* ABOUT THIS EXERCISE *
Every line below between the one holding "y \in Delta_forest g -> y.2.2 = [:: s] ->" and the one holding "Lemma sum_key_class p", inclusive, should be copied exactly, and no other line.

[Saved data entries]

Lemma tree_size_gt0 t : (0 < tree_size t)%N.
Proof. by case: (prime_balanced_tcode t). Qed.

Lemma forest_size_cat u v : forest_size (u ++ v) = (forest_size u + forest_size v)%N.
Proof. by rewrite /forest_size map_cat sumn_cat. Qed.

Lemma forest_size_gt0 f : f != [::] -> (0 < forest_size f)%N.
Proof. by case: f => // c f _; rewrite ltn_addr ?tree_size_gt0. Qed.

Lemma tree_size_Node ts : tree_size (Node ts) = (forest_size ts).+2.
Proof.
rewrite /tree_size tcode_Node /= size_cat addn1 size_flatten /shape.
by rewrite (perm_sumn (perm_map size (perm_fkey ts))) -map_comp.
Qed.

Lemma allcuts_size t x : x \in allcuts t -> (forest_size x.1 + tree_size x.2)%N = tree_size t.
Proof.
elim/tree_ind: t x => ts IH x; rewrite allcuts_Node => /mapP[y y_ts ->] /=.
rewrite !tree_size_Node !addnS; congr _.+2.
pose phi (z : forest * forest) := (forest_size z.1 + forest_size z.2)%N.
apply: (mem_wprod_additive (phi := phi)) y_ts => [u|u v|c cts u]; rewrite /phi.
- by rewrite inE => /eqP->.
- by rewrite !forest_size_cat addnACA.
- rewrite inE => /predU1P[-> | /mapP[z z_c ->]]; first by rewrite /forest_size /= !addn0.
  by rewrite /= -(IH c cts z z_c) /forest_size /= addn0.
Qed.

Lemma cuts_tree_size_lt c x : x \in cuts c -> (tree_size x.2 < tree_size c)%N.
Proof.
rewrite mem_filter => /andP[nz_x /allcuts_size <-].
by rewrite -[X in (X < _)%N]add0n ltn_add2r forest_size_gt0 // -size_eq0.
Qed.

Lemma mem_Delta_tree c y : y \in Delta_tree c ->
  [\/ y = (1, ([::], [:: c])), y = (1, ([:: c], [::])) |
      exists2 x, x \in cuts c & y = (1, (x.1, [:: x.2]))].
Proof.
rewrite !inE => /or3P[/eqP-> | /eqP-> | /mapP[x x_c ->]]; [exact: Or31 | exact: Or32 |].
by apply: Or33; exists x.
Qed.

Lemma mem_Delta_forest_cons c g y : y \in Delta_forest (c :: g) ->
  exists2 u, u \in Delta_tree c & exists2 v, v \in Delta_forest g & y = mulH2 u v.
Proof. by case/allpairsP => -[u v] [/= u_c v_g ->]; exists u => //; exists v. Qed.

Lemma Delta_forest_weight g y : y \in Delta_forest g -> y.1 = 1.
Proof.
elim: g y => [|c g IH] y; first by rewrite inE => /eqP->.
case/mem_Delta_forest_cons => u u_c [v /IH v1 ->]; rewrite /= v1 mulr1.
by case/mem_Delta_tree: u_c => [->|->|[x _ ->]].
Qed.

Lemma Delta_forest_size g y :
  y \in Delta_forest g -> (forest_size y.2.1 + forest_size y.2.2)%N = forest_size g.
Proof.
pose phi (z : rat * (forest * forest)) := (forest_size z.2.1 + forest_size z.2.2)%N.
rewrite Delta_forestE => /(mem_wprod_additive (phi := phi)); apply; rewrite /phi.
- by move=> z; rewrite inE => /eqP->.
- by move=> u v; rewrite !forest_size_cat addnACA.
move=> c _ u /mem_Delta_tree[->|->|[x]]; rewrite /forest_size /= ?addn0 //.
by rewrite mem_filter => /andP[_ /allcuts_size <-] ->; rewrite /= addn0.
Qed.

Lemma Delta_forest_right_nil g y : y \in Delta_forest g -> y.2.2 = [::] -> y.2.1 = g.
Proof.
elim: g y => [|c g IH] y; first by rewrite inE => /eqP->.
case/mem_Delta_forest_cons => u u_c [v v_g ->].
by case/mem_Delta_tree: u_c => [->|->|[x _ ->]] //= /(IH v v_g)->.
Qed.

Lemma mem_Delta_forest_left g : (1, (g, [::])) \in Delta_forest g.
Proof.
elim: g => [|c g IH]; first exact: mem_head.
apply/allpairsP; exists ((1, ([:: c], [::])), (1, (g, [::]))).
by rewrite /= mulr1 !inE eqxx orbT.
Qed.

Lemma Delta_forest_max_tree_perm g s y : all (fun c => tree_size c <= tree_size s)%N g ->
    y \in Delta_forest g -> y.2.2 = [:: s] ->
  perm_eq (map tcode (s :: y.2.1)) (map tcode g).
Proof.
elim: g y => [|c g IH] y; first by move=> _; rewrite inE => /eqP->.
case/andP=> le_c le_g /mem_Delta_forest_cons[u u_c [v v_g ->]].
case/mem_Delta_tree: u_c => [->|->|[x x_c ->]] /=.
- by case=> <- /(Delta_forest_right_nil v_g)->.
- move/(IH v le_g v_g); rewrite -(perm_cons (tcode c)) => /permPr<-.
  by rewrite -(cat1s (tcode s)) -(cat1s (tcode c)) perm_catCA.
- by case=> eq_s _; have := cuts_tree_size_lt x_c; rewrite eq_s ltnNge le_c.
Qed.

Lemma coeff_fkey p f f' : fkey f = fkey f' -> coeff p f = coeff p f'.
Proof. by rewrite /coeff => ->. Qed.

Lemma coeff_support p g : coeff p g != 0 -> exists2 x, x \in p & fkey x.2 = fkey g.
Proof.
have [/hasP[x x_p /eqP]|no_g] := boolP (has (fun x => fkey x.2 == fkey g) p); first by exists x.
by rewrite /coeff big_hasC // eqxx.
Qed.

Lemma sum_key_class p (D : forest -> rat) g :
    (forall u v, fkey u = fkey v -> D u = D v) ->
  \sum_(x <- p | fkey x.2 == fkey g) x.1 * D x.2 = coeff p g * D g.
Proof. by move=> D_key; rewrite /coeff big_distrl; apply: eq_bigr => x /eqP/D_key->. Qed.

Lemma coeff_filter_key p f g :
  coeff [seq x <- p | fkey x.2 != fkey f] g = if fkey g == fkey f then 0 else coeff p g.
Proof.
rewrite /coeff big_filter_cond; case: eqP => [->|ne_gf].
  by rewrite big_pred0 // => x; rewrite andbC andbN.
apply: eq_bigl => x; case: (eqVneq (fkey x.2) (fkey g)) => [->|_]; rewrite ?andbF ?andbT //.
exact/eqP.
Qed.

Lemma sum_coeff_eq0 p (D : forest -> rat) :
    (forall u v, fkey u = fkey v -> D u = D v) -> (forall g, coeff p g != 0 -> D g = 0) ->
  \sum_(x <- p) x.1 * D x.2 = 0.
Proof.
move=> D_key; have [n] := ubnP (size p); elim: n p => // n IH [|y p] lt_p D0.
  by rewrite big_nil.
rewrite (bigID (fun x => fkey x.2 == fkey y.2)) /= sum_key_class //.
have [-> | /D0->] := eqVneq (coeff (y :: p) y.2) 0; rewrite ?mulr0 ?mul0r add0r -big_filter.
all: apply: IH => [|g].
1,3: by rewrite size_filter /= eqxx (leq_ltn_trans (count_size _ _)).
all: by rewrite coeff_filter_key; case: ifP; rewrite ?eqxx // => _ /D0.
Qed.

Lemma sum_coeff_key p (D : forest -> rat) f :
    (forall u v, fkey u = fkey v -> D u = D v) ->
    (forall g, coeff p g != 0 -> fkey g != fkey f -> D g = 0) ->
  \sum_(x <- p) x.1 * D x.2 = coeff p f * D f.
Proof.
move=> D_key D0; rewrite (bigID (fun x => fkey x.2 == fkey f)) /= sum_key_class //.
rewrite -big_filter sum_coeff_eq0 ?addr0 // => g.
by rewrite coeff_filter_key; case: ifP; rewrite ?eqxx // => /negbT/[swap]/D0; apply.
Qed.

Lemma coeff2_Delta p f g :
  coeff2 (Delta p) f g = \sum_(x <- p) x.1 * coeff2 (Delta_forest x.2) f g.
Proof.
rewrite /Delta /coeff2 big_flatten big_map; apply: eq_bigr => x _.
by rewrite big_map mulr_sumr.
Qed.

Lemma coeff2_prim_rhs p f g : coeff2 (prim_rhs p) f g =
  (if g == [::] then coeff p f else 0) + (if f == [::] then coeff p g else 0).
Proof.
rewrite /coeff2 big_cat !big_map /= -!fkey_eq0 ![[::] == _]eq_sym.
by congr (_ + _); case: ifP => _;
  [apply: eq_bigl | apply: big_pred0 | apply: eq_bigl | apply: big_pred0] => x;
  rewrite ?andbT ?andbF.
Qed.

Lemma coeff2_Delta_forest g f f' : coeff2 (Delta_forest g) f f' =
  (count (fun y => (fkey y.2.1 == fkey f) && (fkey y.2.2 == fkey f')) (Delta_forest g))%:R.
Proof.
rewrite /coeff2 -sum1_count natr_sum big_seq_cond [RHS]big_seq_cond.
by apply: eq_bigr => y /andP[/Delta_forest_weight-> _].
Qed.

Lemma coeff2_Delta_forest_nil g : coeff2 (Delta_forest g) [::] [::] = (g == [::])%:R.
Proof.
rewrite coeff2_Delta_forest; case: eqP => [-> // | /eqP nz_g].
rewrite (eq_in_count (a2 := pred0)) ?count_pred0 // => y /Delta_forest_size.
rewrite /= !fkey_eq0 => size_y; apply/negP => /andP[/eqP y1 /eqP y2].
by move: (forest_size_gt0 nz_g); rewrite -size_y y1 y2.
Qed.

Lemma coeff_nil_primitive p : primitive p -> coeff p [::] = 0.
Proof.
move=> prim; have := prim [::] [::]; rewrite coeff2_Delta coeff2_prim_rhs /=.
under eq_bigr => x _ do rewrite coeff2_Delta_forest_nil -fkey_eq0 mulr_natr mulrb.
by rewrite -big_mkcond -[LHS]/(coeff p [::]) -{1}[coeff p [::]]addr0 => /addrI <-.
Qed.

Lemma coeff2_Delta_forest_cons_neq0 t A : coeff2 (Delta_forest (t :: A)) A [:: t] != 0.
Proof.
rewrite coeff2_Delta_forest pnatr_eq0 -lt0n -has_count; apply/hasP.
exists (1, (A, [:: t])); last by rewrite /= !eqxx.
apply/allpairsP; exists ((1, ([::], [:: t])), (1, (A, [::]))).
by rewrite /= mem_Delta_forest_left mem_head mulr1.
Qed.

Lemma coeff2_Delta_forest_max_tree (g A : forest) (t : tree) :
    all (fun c => tree_size c <= tree_size t)%N g -> fkey g != fkey (t :: A) ->
  coeff2 (Delta_forest g) A [:: t] = 0.
Proof.
move=> le_g ne_g; rewrite coeff2_Delta_forest (eq_in_count (a2 := pred0)) ?count_pred0 //.
move=> y y_g /=; apply/negP => /andP[/eqP y1 y2].
have [s y2s] : exists s, y.2.2 = [:: s].
  by move/eqP/(congr1 size): y2; rewrite !size_fkey; case: y.2.2 => [|s []] //; exists s.
move: y2; rewrite y2s !fkey1 => /eqP[tcode_s].
have le_s : all (fun c => tree_size c <= tree_size s)%N g by rewrite /tree_size tcode_s.
move/fkeyP: (Delta_forest_max_tree_perm le_s y_g y2s) => key_g.
by move/eqP: ne_g; apply; rewrite -key_g -cat1s fkey_cat y1 fkey1 tcode_s -fkey1 -fkey_cat.
Qed.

* REPLY *
    y \in Delta_forest g -> y.2.2 = [:: s] ->
  perm_eq (map tcode (s :: y.2.1)) (map tcode g).
Proof.
elim: g y => [|c g IH] y; first by move=> _; rewrite inE => /eqP->.
case/andP=> le_c le_g /mem_Delta_forest_cons[u u_c [v v_g ->]].
case/mem_Delta_tree: u_c => [->|->|[x x_c ->]] /=.
- by case=> <- /(Delta_forest_right_nil v_g)->.
- move/(IH v le_g v_g); rewrite -(perm_cons (tcode c)) => /permPr<-.
  by rewrite -(cat1s (tcode s)) -(cat1s (tcode c)) perm_catCA.
- by case=> eq_s _; have := cuts_tree_size_lt x_c; rewrite eq_s ltnNge le_c.
Qed.

Lemma coeff_fkey p f f' : fkey f = fkey f' -> coeff p f = coeff p f'.
Proof. by rewrite /coeff => ->. Qed.

Lemma coeff_support p g : coeff p g != 0 -> exists2 x, x \in p & fkey x.2 = fkey g.
Proof.
have [/hasP[x x_p /eqP]|no_g] := boolP (has (fun x => fkey x.2 == fkey g) p); first by exists x.
by rewrite /coeff big_hasC // eqxx.
Qed.

Lemma sum_key_class p (D : forest -> rat) g :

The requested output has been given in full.